How could he tell if Estrella had any of those things? He couldn’t. Sigfrid might have been able to tell, or Dr. Kusmeroglu, but neither of them was present.
He turned the book off and stared up at the unfamiliar stars in the night sky of Arabella. He was no longer at all sleepy. He was worried. It occurred to him that there was more to the book, possibly even some healing thing for it to say. He scrolled through the book again, looking for cheer.
It wasn’t there.
What he found was even worse than the chapter on miscarriages. It wasn’t just that a baby might be lost. It was more horrible by far. The baby might be born, but born as a monster. Born with two heads! Or born as a Cyclops, with a single great central eye. Or as a kind of preparation for a student course in anatomy, with the internal organs on the outside of the body; or with a tiny head that held no brain at all; or—
Oh, there was no limit to the things that could go wrong! For instance, what about twins? They did not always turn ou
t to be a lovably cute pair. Sometimes what you got was two babies joined together at skull or spine. Or one twin so ravaged by the other’s hunger that it was born no bigger than a finger, sometimes as a tiny, hideous animalcule still attached to the larger twin.
And even if none of those terrible disasters happened, what could occur if the baby simply took a little longer to be born? With no more than an extra week or two in the womb it could arrive with skin cracked or peeling, or thin and wrinkled, likely enough having moved its little bowels while still unborn, so that it was stained green with meconium, which it might well have inhaled…likely gasping for breath…likely born with a more difficult labor, and thus with the greater chance of the baby twisting itself into strangulation inside the coils of the umbilical cord.
Stan raised his horrified eyes from the book because, two meters away, Estrella was stirring. He quickly turned the book off again, debated destroying it, but was too late. “Hon?” she said drowsily. “What are you doing?”
“I had to pee,” he told her, desperately looking for a hiding place for the book.

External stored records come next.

Lemma nbelowS m : nbelow m.+1 = nbelow m + has_pos m.
Proof.
rewrite /nbelow; have [/existsP [j /andP [jA /eqP jm]] | no_m] := boolP (has_pos m).
  rewrite (_ : [set s in A | _] = j |: [set s in A | (s < m)%N]).
    by rewrite cardsU1 !inE jm ltnn andbF addn1.
  apply/setP => s; rewrite !inE ltnS leq_eqVlt -jm.
  by case: (eqVneq s j) => [->|/negbTE ne_sj]; rewrite ?jA ?eqxx // (inj_eq val_inj) ne_sj.
rewrite addn0; apply: eq_card => s; rewrite !inE ltnS leq_eqVlt.
case sA: (s \in A) => //=; case: eqP => //= sm.
by case/negP: no_m; apply/existsP; exists s; rewrite sA sm eqxx.
Qed.

Lemma nbelow_full u : (2 * n <= u)%N -> nbelow u = #|A|.
Proof. by move=> hu; apply: eq_card => s; rewrite !inE (leq_trans (ltn_ord s) hu) andbT. Qed.

Lemma negcountE : negcount A = nbelow n.
Proof. by apply: eq_card => j; rewrite !inE bval_lt0. Qed.

Lemma admissibleE : admissible A = [forall i : 'I_n, has_pos (n + i) (+) has_pos (n - i.+1)].
Proof.
apply: eq_forallb => i; congr (_ (+) _); apply: eq_existsb => j.
  by rewrite bval_eq_pos.
by rewrite bval_eq_neg.
Qed.

Lemma sorted_vals_sorted : sorted <=%R (sorted_vals A).
Proof. exact/sort_sorted/le_total. Qed.

Lemma size_sorted_vals : size (sorted_vals A) = #|A|.
Proof. by rewrite size_sort size_map cardE. Qed.

Lemma sorted_valsP v : v \in sorted_vals A -> exists w : 'I_(2 * n), v = bval w.
Proof. by rewrite mem_sort => /mapP [w _ ->]; exists w. Qed.

Lemma count_le_sorted_vals (u : 'I_(2 * n)) :
  count (<= bval u)%R (sorted_vals A) = nbelow u.+1.
Proof.
rewrite (permP (permEl (perm_sort _ _))) count_map.
rewrite /nbelow cardE /enum_mem size_filter count_filter.
by apply: eq_count => s; rewrite !inE /= ler_bval ltnS andbC.
Qed.

End Positions.

Section Profiles.
Variables n d : nat.
Implicit Types (x y : pelem n d) (K : nat -> nat).

Definition profile x (u : nat) : nat := nbelow x.1 u + (d - x.2).

Lemma le_bd_profile x y : #|x.1| = n -> #|y.1| = n ->
  le_bd x y <-> (forall u, (u <= 2 * n)%N -> (profile y u <= profile x u)%N).
Proof.
move=> card_x card_y.
have [sx sy] := (sorted_vals_sorted x.1, sorted_vals_sorted y.1).
have zx : size (sorted_vals x.1) = n by rewrite size_sorted_vals.
have zy : size (sorted_vals y.1) = n by rewrite size_sorted_vals.
have [ax ay] : (x.2 <= d)%N /\ (y.2 <= d)%N by split; rewrite -ltnS.
rewrite /profile; split.
- case/andP => deg_le /forallP comp_le [|u] u_le; first by rewrite !nbelow0; lia.
  have shift_le i : (i < n - (y.2 - x.2))%N ->
      (nth 0 (sorted_vals x.1) i <= nth 0 (sorted_vals y.1) (y.2 - x.2 + i))%R.
    move=> i_lt; have /implyP /(_ i_lt) := comp_le (Ordinal (leq_trans i_lt (leq_subr _ _))).
    by rewrite /Defs.comp /= addnS.
  have := count_le_shift sx sy zx zy shift_le (bval (Ordinal u_le)).
  by rewrite !count_le_sorted_vals /=; lia.
- move=> profile_le.
  have deg_le : (x.2 <= y.2)%N by have := profile_le 0%N (leq0n _); rewrite !nbelow0; lia.
  apply/andP; split => //; apply/forallP => i; apply/implyP => i_lt.
  rewrite /Defs.comp addnS /=.
  apply: (@nth_le_shift _ _ 0%R _ _ _ _ sx sy zx zy) => // _ /sorted_valsP [w ->].
  by rewrite !count_le_sorted_vals; have := profile_le w.+1 (ltn_ord w); lia.
Qed.
Lemma grid_freq_itv n (i : 'I_n) : 0 <= grid_freq i < 1.
Proof.
have n_gt0 : (0 : R) < n%:R by rewrite ltr0n (leq_ltn_trans _ (ltn_ord i)).
have i_lt_n : (i%:R : R) < n%:R by rewrite ltr_nat.
rewrite /grid_freq divr_ge0 ?mulr_ge0 ?ler0n //= ltr_pdivrMr ?mulr_gt0 //; lra.
Qed.

Lemma grid_angle_itv n (i : 'I_n) : 2 * pi * grid_freq i \in `[0, pi].
Proof.
have n_gt0 : (0 : R) < n%:R by rewrite ltr0n (leq_ltn_trans _ (ltn_ord i)).
have i_le_n : (i%:R : R) <= n%:R by rewrite ler_nat ltnW.
have pi_ge0 := ltW (pi_gt0 R).
rewrite grid_angleE in_itv /= mulr_ge0 ?divr_ge0 ?ler0n //=.
by rewrite -mulrA ler_piMr // mulrC ler_pdivrMr // mul1r.
Qed.

Lemma grid_cexp_inj n : injective (fun i : 'I_n => cexp (2 * pi * grid_freq i)).
Proof.
move=> i j /(congr1 (@complex.Re R)) /(cos_inj (grid_angle_itv i) (grid_angle_itv j)).
have n_gt0 : (0 : R) < n%:R by rewrite ltr0n (leq_ltn_trans _ (ltn_ord i)).
rewrite !grid_angleE => /mulfI ij; apply/val_inj/eqP; rewrite -(eqr_nat R).
by rewrite ij // mulf_neq0 ?invr_eq0 ?gt_eqF ?pi_gt0.
Qed.

Definition gridmx n : 'M[R[i]]_n := Vandermonde n (\row_i cexp (2 * pi * grid_freq i)).

Lemma gridmx_unit n : gridmx n \in unitmx.
Proof.
rewrite unitmxE unitfE det_Vandermonde; apply/prodf_neq0 => i _.
apply/prodf_neq0 => j ij; rewrite !mxE subr_eq0; apply/eqP => /grid_cexp_inj ji.
by move: ij; rewrite ji ltnn.
Qed.

Definition grid_bound n : R :=
  \sum_i \sum_l complex.Re `|invmx (gridmx n) i l|.

Lemma grid_bound_ge0 n : 0 <= grid_bound n.
Proof. by apply: sumr_ge0 => i _; apply: sumr_ge0 => l _; apply: Re_normc_ge0. Qed.

Lemma grid_decomp n (w : 'cV[R[i]]_n) : exists c : 'I_n -> R[i],
  w = \sum_i c i *: atom n (grid_freq i) /\
  \sum_i complex.Re `|c i| <= grid_bound n * \sum_l complex.Re `|w l 0|.
Proof.
pose V' := invmx (gridmx n); exists (fun i => (V' *m w) i 0); split.
  rewrite -[LHS](mulKVmx (gridmx_unit n)); apply/matrixP => l k.
  rewrite ord1 !mxE summxE; apply: eq_bigr => i _.
  by rewrite !mxE -atom_cexp mxE mulrC.
rewrite mulr_suml; apply: ler_sum => i _; rewrite mulr_suml.
apply: le_trans (_ : \sum_l complex.Re `|V' i l| * complex.Re `|w l 0| <= _).
  rewrite -(eq_bigr _ (fun l _ => Re_normcM (V' i l) (w l 0))) -Re_sum mxE.
  apply/Re_le/(le_trans (ler_norm_sum _ _ _)).
  by apply: ler_sum => l _; rewrite normrM.
apply: ler_sum => l _; apply: ler_wpM2l; first exact: Re_normc_ge0.
rewrite (bigD1 l) //= lerDl; apply: sumr_ge0 => k _; exact: Re_normc_ge0.
Qed.

End GridBasis.

Section Bounds.
Variables (R : realType) (n r : nat) (d f : 'I_r -> R) (x : 'cV[R[i]]_n).
Hypotheses (d_gt0 : forall j, 0 < d j) (f01 : forall j, 0 <= f j < 1).
Local Notation a j := (atom n (f j)).

Lemma atomic_norm_le_qinv b L : 0 < b -> qinv d f x b <= L ->
  atomic_norm x <=
    2^-1 * \sum_j d j + 2^-1 * L + grid_bound R n * n%:R * Num.sqrt L * Num.sqrt b.
Proof.
move=> b_gt0 qL; set u := covsol d f x b.
have uL : covq d f b u <= L by rewrite -qinvE.
have xE : x = \sum_j ((d j)%:C%C * hdot (a j) u) *: a j + b%:C%C *: u.
  by rewrite -covmx_mulmx covmx_covsol.
have [c [uE cK]] := grid_decomp (b%:C%C *: u).
apply: le_trans (atomic_norm_le_cat f01 (@grid_freq_itv R n) (etrans xE (congr1 _ uE))) _.
have uLa : \sum_j d j * sqnormc (hdot (a j) u) <= L.
  by apply: le_trans uL; rewrite lerDl mulr_ge0 ?hsqnorm_ge0 ?ltW.
apply: lerD.
  apply: le_trans (sum_Re_normc_realM_le _ (fun j => ltW (d_gt0 j))) _.
  by rewrite lerD2l ler_wpM2l.
apply: le_trans cK _; rewrite -!mulrA ler_wpM2l ?grid_bound_ge0 //.
have entry_le l : complex.Re `|(b%:C%C *: u) l 0| <= Num.sqrt L * Num.sqrt b.
  apply: le_trans (Re_normc_scale_le_covq f d_gt0 u l (ltW b_gt0)) _.
  by rewrite ler_wpM2r ?sqrtr_ge0 // ler_sqrt ?(le_trans (covq_ge0 f d_gt0 u (ltW b_gt0)) uL).
apply: le_trans (ler_sum _ (fun l _ => entry_le l)) _.
by rewrite sumr_const card_ord mulr_natl.
Qed.

Lemma qinv_le_cost (s : 'I_r -> R[i]) b : x = \sum_k s k *: a k -> 0 < b ->
  qinv d f x b <= \sum_k sqnormc (s k) / d k.
Proof.
move=> xE b_gt0; set u := covsol d f x b.
have atoms_le_q : \sum_k d k * sqnormc (hdot (a k) u) <= qinv d f x b.
  by rewrite qinvE // lerDl mulr_ge0 ?hsqnorm_ge0 ?ltW.
suff : qinv d f x b <=
    2^-1 * \sum_k sqnormc (s k) / d k + 2^-1 * \sum_k d k * sqnormc (hdot (a k) u).
  by lra.
rewrite /qinv -/u {1}xE hdot_suml Re_sum !mulr_sumr -big_split; apply: ler_sum => k _ /=.
by rewrite hdotZl; apply: Re_conjcM_le.
Qed.

End Bounds.

Lemma ler_add_sqrt_gt0 (R : rcfType) (y z M : R) : 0 <= M ->
  (forall b, 0 < b -> y <= z + M * Num.sqrt b) -> y <= z.
Proof.
move=> M_ge0 yz; apply/ler_addgt0Pr => e e_gt0.
have Me_gt0 : 0 < e / (M + 1) by rewrite divr_gt0 ?ltr_wpDl.
apply: le_trans (yz _ (exprn_gt0 2 Me_gt0)) _.
rewrite sqrtr_sqr ger0_norm ?(ltW Me_gt0) // lerD2l mulrA ler_pdivrMr ?ltr_wpDl //; nra.
Qed.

“Well, come back to bed,” she ordered.
“In a minute.” The only place to put the book was in one of those little closets at the base of the desk. He shoved it in, hoping to find a better place in the morning, and slid into the sleeping bag next to her warm, soft body.
It was becoming a tight fit, but she commanded, “Put your arms around me,” and he did, the two of them spooned together under the bright stars of no constellations Stan had ever seen before. Over the top of the mountain the sky was paling, the sun—whatever nameless sun that was—almost ready to rise.
Estrella was asleep again already. Not Stan. Stan had lost any desire to sleep at all, his mind filled with thoughts about the woman next to him, and the growing organism in her belly, and how he was going to deal with such matters as the kind of pregnancy disorders he had been reading about, or indeed with simple childbirth and infant care, in this place where no baby had been born for thousands of years.